## [Work item]
Below are the entries. Transcribe exactly the lines from the one with "Lemma optimal_of_strict_min (aN" through the one with "Definition log_Nopt (c", ends included, and leave out all others.

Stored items
(* Let $\alpha_1>0$ and $\alpha_1+\alpha_2+1>0$, and suppose the loss scales as $\ell(N,D)\sim N^{-\alpha_N}+D^{-\alpha_D}$ with $\alpha_N=\alpha_1+\alpha_2+1$ and $\alpha_D=\frac{\alpha_1+\alpha_2+1}{\alpha_1+1}$. Under a fixed compute budget $C=ND\cdot\min\{N,D\}$, the unique compute-optimal allocation (minimizing $\ell$ subject to the budget) lies in the underparameterized regime $N<D$, and the optimal allocation and resulting loss scale as $$N^*(C)\sim C^{\alpha_D/(\alpha_N+2\alpha_D)}=C^{1/(\alpha_1+3)},\qquad D^*(C)\sim C^{1-2\alpha_D/(\alpha_N+2\alpha_D)}=C^{(\alpha_1+1)/(\alpha_1+3)},$$ $$\ell^*(C)\sim C^{-\alpha_C},\qquad \alpha_C:=\frac{\alpha_N\alpha_D}{\alpha_N+2\alpha_D}=\frac{\alpha_1+\alpha_2+1}{\alpha_1+3}>0.$$
   Context: $N$ is the number of model parameters and $D$ the number of training samples; ''$\sim$'' denotes asymptotic scaling up to constants as $C\to\infty$. *)

From Stdlib Require Import Reals.
Open Scope R_scope.

(* Loss model  l(N,D) = A N^{-aN} + B D^{-aD}  (A, B > 0 are the constants hidden in "~"). *)
Definition loss (aN aD A B N D : R) : R :=
  A * Rpower N (- aN) + B * Rpower D (- aD).

Definition compute (N D : R) : R := N * D * Rmin N D.

Definition is_optimal (aN aD A B C N D : R) : Prop :=
  0 < N /\ 0 < D /\ compute N D = C /\
  forall N' D', 0 < N' -> 0 < D' -> compute N' D' = C ->
    loss aN aD A B N D <= loss aN aD A B N' D'.

Definition asymp (f g : R -> R) : Prop :=
  exists c1 c2 C0, 0 < c1 /\ 0 < c2 /\
    forall C, C0 <= C -> c1 * g C <= f C /\ f C <= c2 * g C.

Definition alphaN (a1 a2 : R) : R := a1 + a2 + 1.
Definition alphaD (a1 a2 : R) : R := (a1 + a2 + 1) / (a1 + 1).
Definition alphaC (a1 a2 : R) : R :=
  alphaN a1 a2 * alphaD a1 a2 / (alphaN a1 a2 + 2 * alphaD a1 a2).

(* On the branch N <= D the budget forces D = C / N^2, so in the variable
   x = ln N the loss is A e^(-aN x) + B C^(-aD) e^(2 aD x): a strictly convex
   function whose unique critical point is x* = x0 + aD/(aN + 2 aD) ln C.  This
   gives N* and D* as constant multiples of powers of C, and the optimal loss
   L0 C^(-alpha_C) exactly.  On the branch N > D one has D^3 < C, so the loss
   exceeds B C^(-aD/3); since alpha_C > aD/3 iff aD < aN iff alpha_1 > 0, this
   beats the critical value for large C.  The same inequality aD < aN gives
   N* < D* for large C. *)

From Stdlib Require Import Reals Lra Psatz.
Open Scope R_scope.

(* Each exponential lies strictly above its tangent line; at a critical point
   the first-order terms of the two tangents cancel. *)
Lemma exp_sum_lt_of_critical (p q a b m n : R) :
  0 < p -> 0 < q -> 0 < a -> 0 < b ->
  p * a * exp (- p * m) = q * b * exp (q * m) -> n <> m ->
  a * exp (- p * m) + b * exp (q * m) < a * exp (- p * n) + b * exp (q * n).
Proof.
  intros hp hq ha hb hcrit hnm.
  set (t := n - m).
  assert (ht : t <> 0) by (unfold t; lra).
  assert (En : exp (- p * n) = exp (- p * m) * exp (- p * t))
    by (rewrite <- exp_plus; f_equal; unfold t; ring).
  assert (Eq : exp (q * n) = exp (q * m) * exp (q * t))
    by (rewrite <- exp_plus; f_equal; unfold t; ring).
  rewrite En, Eq.
  pose proof (exp_pos (- p * m)); pose proof (exp_pos (q * m)).
  set (u := a * exp (- p * m)) in *; set (v := b * exp (q * m)) in *.
  assert (hu : 0 < u) by (unfold u; nra).
  assert (hv : 0 < v) by (unfold v; nra).
  assert (huv : p * u = q * v) by (unfold u, v; rewrite <- !Rmult_assoc; exact hcrit).
  assert (Tp := exp_ineq1 (- p * t) ltac:(intro; apply ht; nra)).
  assert (Tq := exp_ineq1 (q * t) ltac:(intro; apply ht; nra)).
  replace (a * (exp (- p * m) * exp (- p * t))) with (u * exp (- p * t))
    by (unfold u; ring).
  replace (b * (exp (q * m) * exp (q * t))) with (v * exp (q * t))
    by (unfold v; ring).
  nra.
Qed.

Lemma eventually_lt_mul_ln (k K : R) :
  0 < k -> exists C0, 0 < C0 /\ forall C, C0 <= C -> K < k * ln C.
Proof.
  intros hk.
  exists (exp (K / k + 1)); split; [apply exp_pos|].
  intros C hC.
  assert (hC0 : 0 < C) by (pose proof (exp_pos (K / k + 1)); lra).
  assert (hlnC : K / k + 1 <= ln C).
  { destruct (Rle_or_lt (K / k + 1) (ln C)) as [h|h]; [exact h|].
    apply exp_increasing in h; rewrite exp_ln in h; lra. }
  replace K with (k * (K / k)) by (field; lra).
  nra.
Qed.

Lemma asymp_of_const_mul (f g : R -> R) (k : R) :
  0 < k -> (forall C, f C = k * g C) -> asymp f g.
Proof.
  intros hk hf; exists k, k, 0; split; [exact hk|]; split; [exact hk|].
  intros C _; rewrite hf; lra.
Qed.

Lemma optimal_of_strict_min (aN aD A B C N0 D0 : R) :
  0 < N0 -> 0 < D0 -> compute N0 D0 = C ->
  (forall N D, 0 < N -> 0 < D -> compute N D = C -> ~ (N = N0 /\ D = D0) ->
     loss aN aD A B N0 D0 < loss aN aD A B N D) ->
  is_optimal aN aD A B C N0 D0 /\
  (forall N D, is_optimal aN aD A B C N D -> N = N0 /\ D = D0).
Proof.
  intros hN0 hD0 hC0 hmin; split.
  - split; [exact hN0|]; split; [exact hD0|]; split; [exact hC0|].
    intros N D hN hD hC.
    destruct (Req_dec N N0) as [eN | hne]; destruct (Req_dec D D0) as [eD | hne'];
      [subst; apply Rle_refl | ..]; apply Rlt_le, hmin; tauto.
  - intros N D (hN & hD & hC & hopt).
    destruct (Req_dec N N0) as [eN | hne]; destruct (Req_dec D D0) as [eD | hne'];
      [split; assumption | ..];
      pose proof (hopt N0 D0 hN0 hD0 hC0);
      assert (loss aN aD A B N0 D0 < loss aN aD A B N D) by (apply hmin; tauto); lra.
Qed.

Section UnderparameterizedOptimum.

Variables s d A B : R.
Hypotheses (hs : 0 < s) (hd : 0 < d) (hds : d < s) (hA : 0 < A) (hB : 0 < B).

Definition log_N0 : R := (ln (s * A) - ln (2 * d * B)) / (s + 2 * d).
Definition log_Nopt (c : R) : R := log_N0 + d / (s + 2 * d) * c.
Definition Nopt (C : R) : R := exp (log_Nopt (ln C)).
Definition Dopt (C : R) : R := exp (ln C - 2 * log_Nopt (ln C)).
Definition loss0 : R := A * exp (- s * log_N0) + B * exp (2 * d * log_N0).

Lemma loss_budget_curve (c x : R) :
  loss s d A B (exp x) (exp (c - 2 * x))
  = A * exp (- s * x) + B * exp (- d * c) * exp (2 * d * x).
Proof.
  unfold loss, Rpower; rewrite !ln_exp, Rmult_assoc, <- exp_plus.
  do 3 f_equal; ring.
Qed.

Lemma log_Nopt_critical (c : R) :
  s * A * exp (- s * log_Nopt c)
  = 2 * d * (B * exp (- d * c)) * exp (2 * d * log_Nopt c).
Proof.
  replace (2 * d * (B * exp (- d * c))) with (2 * d * B * exp (- d * c)) by ring.
  rewrite <- (exp_ln (s * A)), <- (exp_ln (2 * d * B)) by nra.
  rewrite <- !exp_plus; f_equal.
  unfold log_Nopt, log_N0; field; lra.
Qed.

Lemma compute_opt (C : R) :
  0 < C -> Nopt C <= Dopt C -> compute (Nopt C) (Dopt C) = C.
Proof.
  intros hC hle; unfold compute; rewrite Rmin_left by exact hle.
  unfold Nopt, Dopt; rewrite <- !exp_plus.
  transitivity (exp (ln C)); [f_equal; ring | exact (exp_ln C hC)].
Qed.

Lemma loss_opt (C : R) :
  loss s d A B (Nopt C) (Dopt C) = loss0 * Rpower C (- (s * d / (s + 2 * d))).
Proof.
  unfold Nopt, Dopt; rewrite loss_budget_curve.
  unfold loss0, Rpower, log_Nopt.
  rewrite Rmult_plus_distr_r, !Rmult_assoc, <- !exp_plus.
  f_equal; f_equal; f_equal; field; lra.
Qed.

Lemma Nopt_eq (C : R) : Nopt C = exp log_N0 * Rpower C (d / (s + 2 * d)).
Proof. unfold Nopt, log_Nopt, Rpower; rewrite <- exp_plus; reflexivity. Qed.

Lemma Dopt_eq (C : R) :
  Dopt C = exp (- 2 * log_N0) * Rpower C (1 - 2 * d / (s + 2 * d)).
Proof.
  unfold Dopt, log_Nopt, Rpower; rewrite <- exp_plus.
  f_equal; field; lra.
Qed.

Lemma loss0_pos : 0 < loss0.
Proof.
  unfold loss0; pose proof (exp_pos (- s * log_N0)); pose proof (exp_pos (2 * d * log_N0)).
  nra.
Qed.

Lemma loss_opt_lt_underparameterized (C N D : R) :
  0 < N -> N <= D -> compute N D = C -> ~ (N = Nopt C /\ D = Dopt C) ->
  loss s d A B (Nopt C) (Dopt C) < loss s d A B N D.
Proof.
  intros hN hND hC hne.
  assert (hD : 0 < D) by lra.
  unfold compute in hC; rewrite Rmin_left in hC by exact hND.
  assert (lnD : ln D = ln C - 2 * ln N)
    by (rewrite <- hC, !ln_mult by nra; ring).
  rewrite <- (exp_ln N) by exact hN; rewrite <- (exp_ln D) by exact hD.
  unfold Nopt, Dopt; rewrite lnD, !loss_budget_curve.
  apply exp_sum_lt_of_critical; try nra.
  - pose proof (exp_pos (- d * ln C)); nra.
  - apply log_Nopt_critical.
  - intro E; apply hne; unfold Nopt, Dopt.
    rewrite <- E, <- lnD, !exp_ln by assumption; split; reflexivity.
Qed.

Lemma loss_gt_overparameterized (C N D : R) :
  0 < D -> D < N -> compute N D = C ->
  B * Rpower C (- (d / 3)) < loss s d A B N D.
Proof.
  intros hD hDN hC.
  unfold compute in hC; rewrite Rmin_right in hC by lra.
  assert (lnC : ln C = ln N + 2 * ln D)
    by (rewrite <- hC, !ln_mult by nra; ring).
  assert (lnDN : ln D < ln N) by (apply ln_increasing; assumption).
  unfold loss, Rpower.
  assert (hexp : exp (- (d / 3) * ln C) < exp (- d * ln D))
    by (apply exp_increasing; rewrite lnC; nra).
  pose proof (exp_pos (- s * ln N)); nra.
Qed.

(* The two growth conditions are linear in ln C with slopes (s - d)/(s + 2d)
   and 2d(s - d)/(3(s + 2d)), both positive because d < s. *)
Lemma opt_underparameterized_eventually :
  exists C0, 0 < C0 /\ forall C, C0 <= C ->
    Nopt C < Dopt C /\
    loss0 * Rpower C (- (s * d / (s + 2 * d))) < B * Rpower C (- (d / 3)).
Proof.
  set (e := s + 2 * d).
  assert (he : 0 < e) by (unfold e; lra).
  destruct (eventually_lt_mul_ln ((s - d) / e) (3 * log_N0))
    as (C1 & hC1 & H1); [apply Rdiv_lt_0_compat; lra|].
  destruct (eventually_lt_mul_ln (2 * d * (s - d) / (3 * e)) (ln loss0 - ln B))
    as (C2 & hC2 & H2); [apply Rdiv_lt_0_compat; nra|].
  exists (Rmax C1 C2); split; [apply (Rlt_le_trans _ C1); [lra | apply Rmax_l]|].
  intros C hC.
  specialize (H1 C (Rle_trans _ _ _ (Rmax_l C1 C2) hC)).
  specialize (H2 C (Rle_trans _ _ _ (Rmax_r C1 C2) hC)).
  split.
  - apply exp_increasing; unfold log_Nopt; fold e.
    replace ((s - d) / e * ln C) with (ln C - 3 * (d / e * ln C)) in H1
      by (unfold e; field; lra).
    lra.
  - unfold Rpower; rewrite <- (exp_ln loss0) by exact loss0_pos; rewrite <- (exp_ln B) by exact hB.
    rewrite <- !exp_plus; apply exp_increasing.
    replace (2 * d * (s - d) / (3 * e) * ln C)
      with (s * d / e * ln C - d / 3 * ln C) in H2 by (unfold e; field; lra).
    fold e; lra.
Qed.

Theorem Nopt_Dopt_unique_optimal :
  exists C0, forall C, C0 <= C ->
    is_optimal s d A B C (Nopt C) (Dopt C) /\
    (forall N D, is_optimal s d A B C N D -> N = Nopt C /\ D = Dopt C) /\
    Nopt C < Dopt C.
Proof.
  destruct opt_underparameterized_eventually as (C0 & hC0 & Hev).
  exists C0; intros C hC.
  destruct (Hev C hC) as [hlt hover].
  assert (hstrict : forall N D, 0 < N -> 0 < D -> compute N D = C ->
      ~ (N = Nopt C /\ D = Dopt C) ->
      loss s d A B (Nopt C) (Dopt C) < loss s d A B N D).
  { intros N D hN hD hcomp hne.
    destruct (Rle_or_lt N D) as [hND | hDN].
    - exact (loss_opt_lt_underparameterized C N D hN hND hcomp hne).
    - rewrite loss_opt.
      pose proof (loss_gt_overparameterized C N D hD hDN hcomp); lra. }
  destruct (optimal_of_strict_min s d A B C (Nopt C) (Dopt C)) as [hopt huniq];
    [apply exp_pos | apply exp_pos | apply compute_opt; lra | exact hstrict |].
  split; [exact hopt | split; [exact huniq | exact hlt]].
Qed.

End UnderparameterizedOptimum.

Theorem proposition2 (a1 a2 A B : R) :
  0 < a1 -> 0 < a1 + a2 + 1 -> 0 < A -> 0 < B ->
  (* exponent identities and positivity of alpha_C *)
  alphaD a1 a2 / (alphaN a1 a2 + 2 * alphaD a1 a2) = 1 / (a1 + 3) /\
  1 - 2 * alphaD a1 a2 / (alphaN a1 a2 + 2 * alphaD a1 a2) = (a1 + 1) / (a1 + 3) /\
  alphaC a1 a2 = (a1 + a2 + 1) / (a1 + 3) /\
  0 < alphaC a1 a2 /\
  exists (Nstar Dstar : R -> R) (C0 : R),
    (forall C, C0 <= C ->
       is_optimal (alphaN a1 a2) (alphaD a1 a2) A B C (Nstar C) (Dstar C) /\
       (forall N D, is_optimal (alphaN a1 a2) (alphaD a1 a2) A B C N D ->
          N = Nstar C /\ D = Dstar C) /\
       Nstar C < Dstar C) /\
    asymp Nstar (fun C => Rpower C (alphaD a1 a2 / (alphaN a1 a2 + 2 * alphaD a1 a2))) /\
    asymp Dstar (fun C => Rpower C (1 - 2 * alphaD a1 a2 / (alphaN a1 a2 + 2 * alphaD a1 a2))) /\
    asymp (fun C => loss (alphaN a1 a2) (alphaD a1 a2) A B (Nstar C) (Dstar C))
          (fun C => Rpower C (- alphaC a1 a2)).
Proof.
  intros h1 hs hA hB.
  assert (hd : 0 < alphaD a1 a2) by (apply Rdiv_lt_0_compat; lra).
  assert (hds : alphaD a1 a2 < alphaN a1 a2).
  { unfold alphaD, alphaN; apply Rmult_lt_reg_r with (a1 + 1); [lra|].
    field_simplify; nra. }
  assert (hC : alphaC a1 a2 = (a1 + a2 + 1) / (a1 + 3))
    by (unfold alphaC, alphaN, alphaD; field; repeat split; apply Rgt_not_eq; nra).
  split; [unfold alphaN, alphaD; field; repeat split; apply Rgt_not_eq; nra|].
  split; [unfold alphaN, alphaD; field; repeat split; apply Rgt_not_eq; nra|].
  split; [exact hC|].
  split; [rewrite hC; apply Rdiv_lt_0_compat; lra|].
  destruct (Nopt_Dopt_unique_optimal (alphaN a1 a2) (alphaD a1 a2) A B hs hd hds hA hB)
    as [C0 HC0].
  exists (Nopt (alphaN a1 a2) (alphaD a1 a2) A B),
    (Dopt (alphaN a1 a2) (alphaD a1 a2) A B), C0.
  split; [exact HC0|]; split; [|split].
  - eapply asymp_of_const_mul; [| intro C; apply Nopt_eq]; apply exp_pos.
  - eapply asymp_of_const_mul; [| intro C; apply Dopt_eq; assumption]; apply exp_pos.
  - eapply asymp_of_const_mul; [| intro C; apply loss_opt; assumption].
    apply loss0_pos; assumption.
Qed.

## [Answer]
Lemma optimal_of_strict_min (aN aD A B C N0 D0 : R) :
  0 < N0 -> 0 < D0 -> compute N0 D0 = C ->
  (forall N D, 0 < N -> 0 < D -> compute N D = C -> ~ (N = N0 /\ D = D0) ->
     loss aN aD A B N0 D0 < loss aN aD A B N D) ->
  is_optimal aN aD A B C N0 D0 /\
  (forall N D, is_optimal aN aD A B C N D -> N = N0 /\ D = D0).
Proof.
  intros hN0 hD0 hC0 hmin; split.
  - split; [exact hN0|]; split; [exact hD0|]; split; [exact hC0|].
    intros N D hN hD hC.
    destruct (Req_dec N N0) as [eN | hne]; destruct (Req_dec D D0) as [eD | hne'];
      [subst; apply Rle_refl | ..]; apply Rlt_le, hmin; tauto.
  - intros N D (hN & hD & hC & hopt).
    destruct (Req_dec N N0) as [eN | hne]; destruct (Req_dec D D0) as [eD | hne'];
      [split; assumption | ..];
      pose proof (hopt N0 D0 hN0 hD0 hC0);
      assert (loss aN aD A B N0 D0 < loss aN aD A B N D) by (apply hmin; tauto); lra.
Qed.

Section UnderparameterizedOptimum.

Variables s d A B : R.
Hypotheses (hs : 0 < s) (hd : 0 < d) (hds : d < s) (hA : 0 < A) (hB : 0 < B).

Definition log_N0 : R := (ln (s * A) - ln (2 * d * B)) / (s + 2 * d).
Definition log_Nopt (c : R) : R := log_N0 + d / (s + 2 * d) * c.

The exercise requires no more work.